Molenberghs knew that when he read the scans he would first focus on the activity in the orbitofrontal cortex (OFC), a region of the forebrain that has long been known to be involved with moral sensitivity, moral judgments, and making choices about how to behave. The nearby temporoparietal junction (TPJ) also bears some of this moral load. It processes the sense of agency- the act of doing something deliberately, and therefore owning the responsibility for it. However, that does not always make much of a difference in the real world. Whether a person deliberately shoots someone or the gun goes off accidentally, it would not matter because the victim would be dead regardless. On the other hand, it is significant in affecting how the criminal will later reckon with what they’ve done.

In the study, there was consistently greater activity in the lateral portion of the OFC when subjects imagined shooting civilians than when they shot soldiers. There was also more coinciding between the OFC and the TPJ- with the OFC effectively saying I feel guilty and the TPJ effectively answering You should.
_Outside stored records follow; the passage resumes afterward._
(* For n normal to [AB], q.n is affine along [AB] when q is in RT_1 (the term (k.x)(x.n) has
   x.n constant there), so its Simpson moments against 1 and against the hat function of B
   determine both end values. *)
Lemma rtform_edge_moments_zero (A B n : pt) (q : pt -> pt) :
  is_rtform q -> dot (vsub B A) n = 0 -> 0 < dot (vsub B A) (vsub B A) ->
  (forall v, is_P1 v -> simpson A B (fun x => dot (q x) n * v x) = 0) ->
  dot (q A) n = 0 /\ dot (q B) n = 0.
Proof.
intros [a1 [b1 [c1 [a2 [b2 [c2 [k1 [k2 Hq]]]]]]]] Hn He Hmom.
set (L := dot (vsub B A) (vsub B A)).
set (hat := fun x => dot (vsub x A) (vsub B A) / L).
assert (Hhat : is_P1 hat).
{ exists (- dot A (vsub B A) / L), (fst (vsub B A) / L), (snd (vsub B A) / L).
  intros x; unfold hat, dot, vsub; simpl; field; unfold L; lra. }
assert (Hhat_seg : forall s, hat (seg A B s) = s).
{ intros s; unfold hat, L, seg, dot, vadd, vscal, vsub in *; simpl in *; field; lra. }
set (phi := fun s => dot (q (seg A B s)) n).
assert (Hmid : phi (1 / 2) = (phi 0 + phi 1) / 2).
{ assert (E : phi (1 / 2) - (phi 0 + phi 1) / 2
    = - / 4 * (k1 * fst (vsub B A) + k2 * snd (vsub B A)) * dot (vsub B A) n).
  { unfold phi; rewrite !Hq; unfold rtform, seg, dot, vadd, vscal, vsub; simpl; field. }
  rewrite Hn in E; lra. }
pose proof (Hmom _ (is_P1_const 1)) as M1.
pose proof (Hmom _ Hhat) as Mhat.
unfold simpson in M1, Mhat; rewrite !Hhat_seg in Mhat; fold (phi 0) (phi (1/2)) (phi 1) in M1, Mhat.
assert (Hseg0 : seg A B 0 = A)
  by (unfold seg, vadd, vscal, vsub; destruct A, B; simpl; f_equal; ring).
assert (Hseg1 : seg A B 1 = B)
  by (unfold seg, vadd, vscal, vsub; destruct A, B; simpl; f_equal; ring).
unfold phi in *; rewrite Hseg0, Hseg1 in *; split; lra.
Qed.

Definition edge (z1 z2 z3 : pt) (k : nat) : pt :=
  vsub (vtx z1 z2 z3 (k + 2)) (vtx z1 z2 z3 (k + 1)).
Definition rot (e : pt) : pt := (snd e, - fst e).

Lemma dot_self_pos_of_cross (a b : pt) : cross a b <> 0 -> 0 < dot a a.
Proof.
destruct a as [a1 a2], b as [b1 b2]; unfold cross, dot; simpl; intros H.
destruct (Rle_lt_dec (a1 * a1 + a2 * a2) 0) as [Hle | Hlt]; [exfalso | exact Hlt].
assert (a1 = 0) by nra; assert (a2 = 0) by nra; subst; apply H; ring.
Qed.

Lemma cross_vscal_rot (a b : R) (u w : pt) :
  cross (vscal a (rot u)) (vscal b (rot w)) = a * b * cross u w.
Proof. unfold cross, vscal, rot; simpl; ring. Qed.

Section Triangle.
Variables z1 z2 z3 : pt.
Hypothesis Hccw : 0 < area2 z1 z2 z3.

Lemma area2_edge_cross (k : nat) : (1 <= k <= 3)%nat ->
  cross (edge z1 z2 z3 k) (edge z1 z2 z3 (S k)) = area2 z1 z2 z3.
Proof.
intros Hk; assert (Hk3 : (k = 1 \/ k = 2 \/ k = 3)%nat) by lia.
destruct Hk3 as [-> | [-> | ->]]; unfold edge, area2, vtx; simpl; unfold cross, vsub; simpl; ring.
Qed.

Lemma edge_cases (k : nat) :
  edge z1 z2 z3 k = edge z1 z2 z3 1 \/ edge z1 z2 z3 k = edge z1 z2 z3 2 \/
  edge z1 z2 z3 k = edge z1 z2 z3 3.
Proof.
unfold edge, vtx; rewrite (Nat.Div0.add_mod k 2), (Nat.Div0.add_mod k 1).
pose proof (Nat.mod_upper_bound k 3 ltac:(lia)).
destruct (k mod 3) as [| [| [| m]]]; simpl; auto; lia.
Qed.

Lemma edge_dot_pos (k : nat) : 0 < dot (edge z1 z2 z3 k) (edge z1 z2 z3 k).
Proof.
assert (H : forall j, (1 <= j <= 3)%nat -> 0 < dot (edge z1 z2 z3 j) (edge z1 z2 z3 j)).
{ intros j Hj; apply (dot_self_pos_of_cross _ (edge z1 z2 z3 (S j))).
  rewrite area2_edge_cross by exact Hj; lra. }
destruct (edge_cases k) as [-> | [-> | ->]]; apply H; lia.
Qed.

Lemma elen_sq (k : nat) : elen z1 z2 z3 k ^ 2 = dot (edge z1 z2 z3 k) (edge z1 z2 z3 k).
Proof.
unfold elen, vnorm; rewrite pow2_sqrt; [reflexivity |].
unfold dot; nra.
Qed.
It was also found that the degree of OFC activation also correlated well with how bad the subjects reported they felt on their 1 to 7 scale, with more activity in the brains of the people who reported feeling greater guilt.

The OFC and TPJ shared moral processing with yet another region of the brain, known as the fusiform gyrus. This part of the brain was more active when subjects imagined themselves killing civilians- a telling finding since the fusiform gyrus is involved in analyzing faces, suggesting that the subjects were studying the expressions of their imaginary victims and, in doing so, humanized them. There was greater activity in a region named the lingual gyrus when subjects were killing soldiers. The lingual gyrus is involved in the much more dispassionate business of spatial reasoning- just the kind of thing you need when you’re going about the colder business of killing someone you feel justified killing.
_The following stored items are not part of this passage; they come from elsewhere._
(* Let $n\ge1$ be an integer. The cubature formula $$6\int_{\triangle^*}f(x_1,x_2,x_3)\,dx_1dx_2dx_3=\frac1{4n^3}\sum_{0\le k_3\le k_2\le k_1\le n}\lambda^{(n)}_{k_1,k_2,k_3}\,f(\tfrac{k_1}n,\tfrac{k_2}n,\tfrac{k_3}n)$$ is exact for every function $f$ on $\triangle^*$ such that the function $\mathbf t\mapsto f(t_1-t_4,t_2-t_4,t_3-t_4)$ on $\triangle_H$ belongs to $\mathcal{TC}_{2n-1}$.
   Context: $\triangle^*=\{x\in\mathbb R^3: 0\le x_3\le x_2\le x_1\le1\}$. Let $\mathbb R^4_H=\{\mathbf t\in\mathbb R^4: t_1+t_2+t_3+t_4=0\}$, $\mathbb Z^4_H=\mathbb Z^4\cap\mathbb R^4_H$, $\mathbb H=\{\mathbf k\in\mathbb Z^4_H: k_1\equiv k_2\equiv k_3\equiv k_4\pmod4\}$, $\phi_{\mathbf k}(\mathbf t)=e^{\frac{\pi i}{2}\mathbf k\cdot\mathbf t}$, $\mathsf{TC}_{\mathbf k}(\mathbf t)=\frac1{24}\sum_{\sigma\in S_4}\phi_{\mathbf k}(\mathbf t\sigma)$ where $\mathbf t\sigma$ permutes coordinates. $\triangle_H=\{\mathbf t\in\mathbb R^4_H: t_1-t_2,\,t_2-t_3,\,t_3-t_4,\,t_1-t_4\in[0,1]\}$, and $\mathcal{TC}_m=\operatorname{span}\{\mathsf{TC}_{\mathbf k}:\mathbf k\in\mathbb H,\ k_4\le k_3\le k_2\le k_1\le k_4+4m\}$. The weights: $\lambda^{(n)}_{k_1,k_2,k_3}=24$ if none of the relations (a) $k_1=k_2$, (b) $k_2=k_3$, (c) $k_3=0$, (d) $k_1=n$ holds; $12$ if exactly one holds; $6$ if exactly two hold and they are $\{(a),(c)\}$ or $\{(b),(d)\}$; $4$ if exactly two other ones hold; $1$ if three hold. (Equivalently $\lambda^{(n)}_{k}=\lambda^{(n)}_{\mathbf j}$ for the $\mathbf j\in\mathbb H$ with $k_i=\frac14(j_i-j_4)$, $i=1,2,3$.) *)

From Stdlib Require Import Reals ZArith List.
From Coquelicot Require Import Coquelicot.
Open Scope R_scope.

Definition CRInt (f : R -> C) (a b : R) : C :=
  @RInt C_R_CompleteNormedModule f a b.

Definition int_simplex (f : R -> R -> R -> C) : C :=
  CRInt (fun x1 => CRInt (fun x2 => CRInt (fun x3 => f x1 x2 x3) 0 x2) 0 x1) 0 1.

Definition R4 := (R * R * R * R)%type.
Definition Z4 := (Z * Z * Z * Z)%type.

Definition r4 (t : R4) (i : nat) : R :=
  match t with (t1, t2, t3, t4) =>
    match i with 0%nat => t1 | 1%nat => t2 | 2%nat => t3 | _ => t4 end
  end.

Definition S4 : list (nat * nat * nat * nat) :=
  flat_map (fun a => flat_map (fun b => flat_map (fun c => flat_map (fun d =>
     if (Nat.eqb a b || Nat.eqb a c || Nat.eqb a d || Nat.eqb b c
         || Nat.eqb b d || Nat.eqb c d)%bool
     then nil else (a, b, c, d) :: nil)
     (seq 0 4)) (seq 0 4)) (seq 0 4)) (seq 0 4).

Definition permute (t : R4) (s : nat * nat * nat * nat) : R4 :=
  match s with (a, b, c, d) => (r4 t a, r4 t b, r4 t c, r4 t d) end.

Definition dot (k : Z4) (t : R4) : R :=
  match k, t with (k1, k2, k3, k4), (t1, t2, t3, t4) =>
    IZR k1 * t1 + IZR k2 * t2 + IZR k3 * t3 + IZR k4 * t4 end.

Definition cexpi (theta : R) : C := (cos theta, sin theta).

Definition phi (k : Z4) (t : R4) : C := cexpi (PI / 2 * dot k t).

Definition TC (k : Z4) (t : R4) : C :=
  Cmult (RtoC (/ 24))
    (fold_right (fun s acc => Cplus (phi k (permute t s)) acc) (RtoC 0) S4).

Definition in_triH (t : R4) : Prop :=
  match t with (t1, t2, t3, t4) =>
    t1 + t2 + t3 + t4 = 0 /\
    0 <= t1 - t2 <= 1 /\ 0 <= t2 - t3 <= 1 /\
    0 <= t3 - t4 <= 1 /\ 0 <= t1 - t4 <= 1 end.

Definition inH (k : Z4) : Prop :=
  match k with (k1, k2, k3, k4) =>
    (k1 + k2 + k3 + k4 = 0)%Z /\
    (k1 mod 4 = k2 mod 4)%Z /\ (k2 mod 4 = k3 mod 4)%Z /\
    (k3 mod 4 = k4 mod 4)%Z end.

Definition TC_index (m : Z) (k : Z4) : Prop :=
  inH k /\
  match k with (k1, k2, k3, k4) =>
    (k4 <= k3 /\ k3 <= k2 /\ k2 <= k1 /\ k1 <= k4 + 4 * m)%Z end.

(* g (a function on triangle_H) belongs to TC_m = span{TC_k : k in index set}:
   g agrees on triangle_H with a finite linear combination of such TC_k. *)
Definition in_TC (m : Z) (g : R4 -> C) : Prop :=
  exists L : list (C * Z4),
    List.Forall (fun p => TC_index m (snd p)) L /\
    forall t, in_triH t ->
      g t = fold_right (fun p acc => Cplus (Cmult (fst p) (TC (snd p) t)) acc)
                       (RtoC 0) L.

Definition lambda (n k1 k2 k3 : nat) : R :=
  let a := Nat.eqb k1 k2 in
  let b := Nat.eqb k2 k3 in
  let c := Nat.eqb k3 0 in
  let d := Nat.eqb k1 n in
  let cnt := ((if a then 1 else 0) + (if b then 1 else 0) +
              (if c then 1 else 0) + (if d then 1 else 0))%nat in
  match cnt with
  | 0%nat => 24
  | 1%nat => 12
  | 2%nat => if ((a && c) || (b && d))%bool then 6 else 4
  | 3%nat => 1
  | _ => 1 (* four relations never hold simultaneously when n >= 1 *)
  end.

Definition cubature_sum (n : nat) (F : nat -> nat -> nat -> C) : C :=
  fold_right Cplus (RtoC 0)
    (flat_map (fun k1 => flat_map (fun k2 => map (fun k3 => F k1 k2 k3)
        (seq 0 (S k2))) (seq 0 (S k1))) (seq 0 (S n))).

(* Both sides are linear in f, so it suffices to take f = TC_k with k in the
   index set of TC_{2n-1} and to show that both sides are 1 if k = 0 and 0
   otherwise.  In the coordinates x_i = t_i - t_4, TC_k is 1/24 times the sum
   of the products e_a(x1) e_b(x2) e_c(x3), e_m(x) = exp(i pi m x / 2), over the
   24 ordered triples (a,b,c) of entries of k at distinct positions.  Grouping
   the six orderings of each 3-subset of {k1,...,k4}, the integral over the
   simplex becomes an integral over the unit cube, which factors.
   On the grid two cases occur.  If k1 = 0 mod 4, then all k_i are, the
   characters are 1-periodic, and the weights lambda, symmetrized and wrapped
   around, become the constant 24 on the discrete torus {0,...,n-1}^3; so the
   sum factors into geometric sums, which vanish unless the frequency is a
   multiple of 4n, and the bound k1 <= k4 + 4(2n-1) forces k = 0 as soon as
   three entries are such multiples.  If k1 <> 0 mod 4, the symmetry
   (a,b,c) |-> (n-c, a-c, b-c) of the grid preserves lambda and multiplies TC_k
   by exp(i pi k1 / 2) <> 1, so the sum vanishes. *)

From Stdlib Require Import Reals ZArith List.
From Coquelicot Require Import Coquelicot.
From Stdlib Require Import Lia Lra Permutation.
Open Scope R_scope.

Notation is_deriveC := (@is_derive R_AbsRing C_R_NormedModule).
Notation is_RIntC := (@is_RInt C_R_NormedModule).

(** * Calculus of complex-valued functions of a real variable *)

Lemma cexpi_add a b : cexpi (a + b) = Cmult (cexpi a) (cexpi b).
Proof. unfold cexpi; apply injective_projections; simpl; rewrite ?cos_plus, ?sin_plus; ring. Qed.

Lemma cexpi_0 : cexpi 0 = RtoC 1.
Proof. unfold cexpi; rewrite cos_0, sin_0; reflexivity. Qed.

Lemma is_deriveC_pair (f g : R -> R) x df dg :
  is_derive f x df -> is_derive g x dg ->
  is_deriveC (fun t => ((f t, g t) : C)) x ((df, dg) : C).
Proof.
  intros Hf Hg.
  apply (is_derive_ext (fun t => @plus C_R_NormedModule (scal (f t) ((1,0):C)) (scal (g t) ((0,1):C)))).
  { intros t; apply injective_projections; simpl; unfold scal, plus; simpl; unfold mult; simpl; ring. }
  replace ((df,dg):C) with (@plus C_R_NormedModule (scal df ((1,0):C)) (scal dg ((0,1):C))).
  2:{ apply injective_projections; simpl; unfold scal, plus; simpl; unfold mult; simpl; ring. }
  apply is_derive_plus; apply (@is_derive_scal_l R_AbsRing C_R_NormedModule); assumption.
Qed.

Lemma is_derive_Cfst (h : R -> C) x d : is_deriveC h x d -> is_derive (fun t => fst (h t)) x (fst d).
Proof.
  intros H. eapply filterdiff_ext_lin.
  - apply (filterdiff_comp' h (fun t : C_R_NormedModule => fst t) x _ (fun t : C_R_NormedModule => fst t) H).
    apply filterdiff_linear. apply (@is_linear_fst R_AbsRing R_NormedModule R_NormedModule).
  - reflexivity.
Qed.

Lemma is_derive_Csnd (h : R -> C) x d : is_deriveC h x d -> is_derive (fun t => snd (h t)) x (snd d).
Proof.
  intros H. eapply filterdiff_ext_lin.
  - apply (filterdiff_comp' h (fun t : C_R_NormedModule => snd t) x _ (fun t : C_R_NormedModule => snd t) H).
    apply filterdiff_linear. apply (@is_linear_snd R_AbsRing R_NormedModule R_NormedModule).
  - reflexivity.
Qed.

Lemma is_derive_Cmult (f g : R -> C) x df dg :
  is_deriveC f x df -> is_deriveC g x dg ->
  is_deriveC (fun t => Cmult (f t) (g t)) x (Cplus (Cmult df (g x)) (Cmult (f x) dg)).
Proof.
  intros Hf Hg.
  pose proof (is_derive_Cfst _ _ _ Hf) as F1. pose proof (is_derive_Csnd _ _ _ Hf) as F2.
  pose proof (is_derive_Cfst _ _ _ Hg) as G1. pose proof (is_derive_Csnd _ _ _ Hg) as G2.
  apply (is_derive_ext (fun t => ((fst (f t) * fst (g t) - snd (f t) * snd (g t),
                                   fst (f t) * snd (g t) + snd (f t) * fst (g t)) : C))).
  { intros t. destruct (f t), (g t); reflexivity. }
  replace (Cplus (Cmult df (g x)) (Cmult (f x) dg)) with
   (((fst df * fst (g x) + fst (f x) * fst dg) - (snd df * snd (g x) + snd (f x) * snd dg),
     (fst df * snd (g x) + fst (f x) * snd dg) + (snd df * fst (g x) + snd (f x) * fst dg)) : C).
  2:{ destruct df, dg, (f x), (g x); apply injective_projections; simpl; ring. }
  apply is_deriveC_pair.
  - apply (@is_derive_minus R_AbsRing R_NormedModule); apply Derive.is_derive_mult; assumption.
  - apply (@is_derive_plus R_AbsRing R_NormedModule); apply Derive.is_derive_mult; assumption.
Qed.

Lemma is_deriveC_mult_const f x df c :
  is_deriveC f x df -> is_deriveC (fun t => Cmult (f t) c) x (Cmult df c).
Proof.
  intros H.
  replace (Cmult df c) with (Cplus (Cmult df c) (Cmult (f x) (@zero C_R_NormedModule))).
  - apply is_derive_Cmult; [exact H | apply (@is_derive_const R_AbsRing C_R_NormedModule)].
  - apply injective_projections; simpl; unfold zero; simpl; ring.
Qed.

Lemma is_derive_cexpi_scal (a x : R) :
  is_deriveC (fun t => cexpi (a * t)) x (Cmult ((0, a) : C) (cexpi (a * x))).
Proof.
  unfold cexpi.
  replace (Cmult ((0, a) : C) (cos (a * x), sin (a * x))) with
     ((- a * sin (a * x), a * cos (a * x)) : C).
  2:{ apply injective_projections; simpl; ring. }
  apply is_deriveC_pair; auto_derive; auto; ring.
Qed.

Lemma is_RIntC_scal (f : R -> C) a b l c :
  is_RIntC f a b l -> is_RIntC (fun x => Cmult c (f x)) a b (Cmult c l).
Proof.
  intros H.
  pose proof (@is_RInt_fct_extend_fst R_NormedModule R_NormedModule f a b l H) as H1.
  pose proof (@is_RInt_fct_extend_snd R_NormedModule R_NormedModule f a b l H) as H2.
  replace (Cmult c l) with ((fst c * fst l - snd c * snd l, fst c * snd l + snd c * fst l) : C)
    by (destruct c, l; reflexivity).
  apply (@is_RInt_fct_extend_pair R_NormedModule R_NormedModule); simpl.
  - apply (is_RInt_ext (fun x => minus (scal (fst c) (fst (f x))) (scal (snd c) (snd (f x))))).
    { intros x _. destruct c, (f x); simpl. unfold minus, plus, opp, scal; simpl. unfold mult; simpl. ring. }
    apply (@is_RInt_minus R_NormedModule); apply (@is_RInt_scal R_NormedModule); assumption.
  - apply (is_RInt_ext (fun x => plus (scal (fst c) (snd (f x))) (scal (snd c) (fst (f x))))).
    { intros x _. destruct c, (f x); simpl. unfold plus, scal; simpl. unfold mult; simpl. ring. }
    apply (@is_RInt_plus R_NormedModule); apply (@is_RInt_scal R_NormedModule); assumption.
Qed.

Lemma is_RIntC_plus (f g : R -> C) a b l1 l2 :
  is_RIntC f a b l1 -> is_RIntC g a b l2 -> is_RIntC (fun x => Cplus (f x) (g x)) a b (Cplus l1 l2).
Proof. apply (@is_RInt_plus C_R_NormedModule). Qed.

Lemma is_RIntC_const a b (c : C) : is_RIntC (fun _ => c) a b (Cmult (RtoC (b - a)) c).
Proof.
  pose proof (@is_RInt_const C_R_NormedModule a b c) as H.
  match type of H with is_RIntC _ _ _ ?v => replace v with (Cmult (RtoC (b - a)) c) in H end.
  - exact H.
  - apply injective_projections; simpl; unfold scal; simpl; unfold mult; simpl; ring.
Qed.

Lemma CRInt_unique f a b l : is_RIntC f a b l -> CRInt f a b = l.
Proof. apply (@is_RInt_unique C_R_CompleteNormedModule). Qed.

Lemma CRInt_ext f g a b :
  (forall x, Rmin a b < x < Rmax a b -> f x = g x) -> CRInt f a b = CRInt g a b.
Proof. apply (@RInt_ext C_R_CompleteNormedModule). Qed.

Lemma is_RIntC_unique_ext f g a b l1 l2 :
  is_RIntC f a b l1 -> is_RIntC g a b l2 -> (forall x, f x = g x) -> l1 = l2.
Proof.
  intros H1 H2 E. rewrite <- (CRInt_unique _ _ _ _ H2).
  symmetry. apply CRInt_unique. eapply is_RInt_ext; [| exact H1]. intros; apply E.
Qed.

Definition derivableC (h : R -> C) := forall x, exists d, is_deriveC h x d.

Lemma derivableC_continuous h :
  derivableC h -> forall x, @continuous R_UniformSpace C_R_NormedModule h x.
Proof.
  intros H x. destruct (H x) as [d Hd].
  apply (@ex_derive_continuous R_AbsRing C_R_NormedModule). exists d; exact Hd.
Qed.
Of course, soldiers and psychopaths are two different emotional species. But among people who kill criminally or promiscuously and those who kill legally, the same brain regions are surely involved, though may operate in different ways.

Now that researchers have a better understanding of the human brain when it comes to crime, what changes can be made in order to make sure violence doesn’t occur? Raine, the author of “The Anatomy of Violence,” says that intervention is the right way to go.

In one intervention, he and some colleagues discovered that 3-year-olds who had been assigned to an enrichment program focused on nutrition, exercise, and cognitive skills had better brain functioning at age eleven and a thirty-four percent reduction in criminal activity at age twenty-three when compared with a control group that did not receive this treatment (American Journal of Psychiatry, 2003). And not only is it important to help the children, but it is also equally beneficial when adults are helped out too. David Olds, PhD, of the University of Colorado has found that with intervening even earlier, pregnant low-income mothers who were visited regularly by home nurses that talked to them about health, education and parenting were less likely to have children who were arresting by age fifteen (Infant Mental Health Journal, 2006).

It’s clear that murder’s neural and moral roots are deeply entangled. However, learning to untangle these roots one day can be a big help for psychologists and criminologists to predict who will kill- and possibly stop them before they do.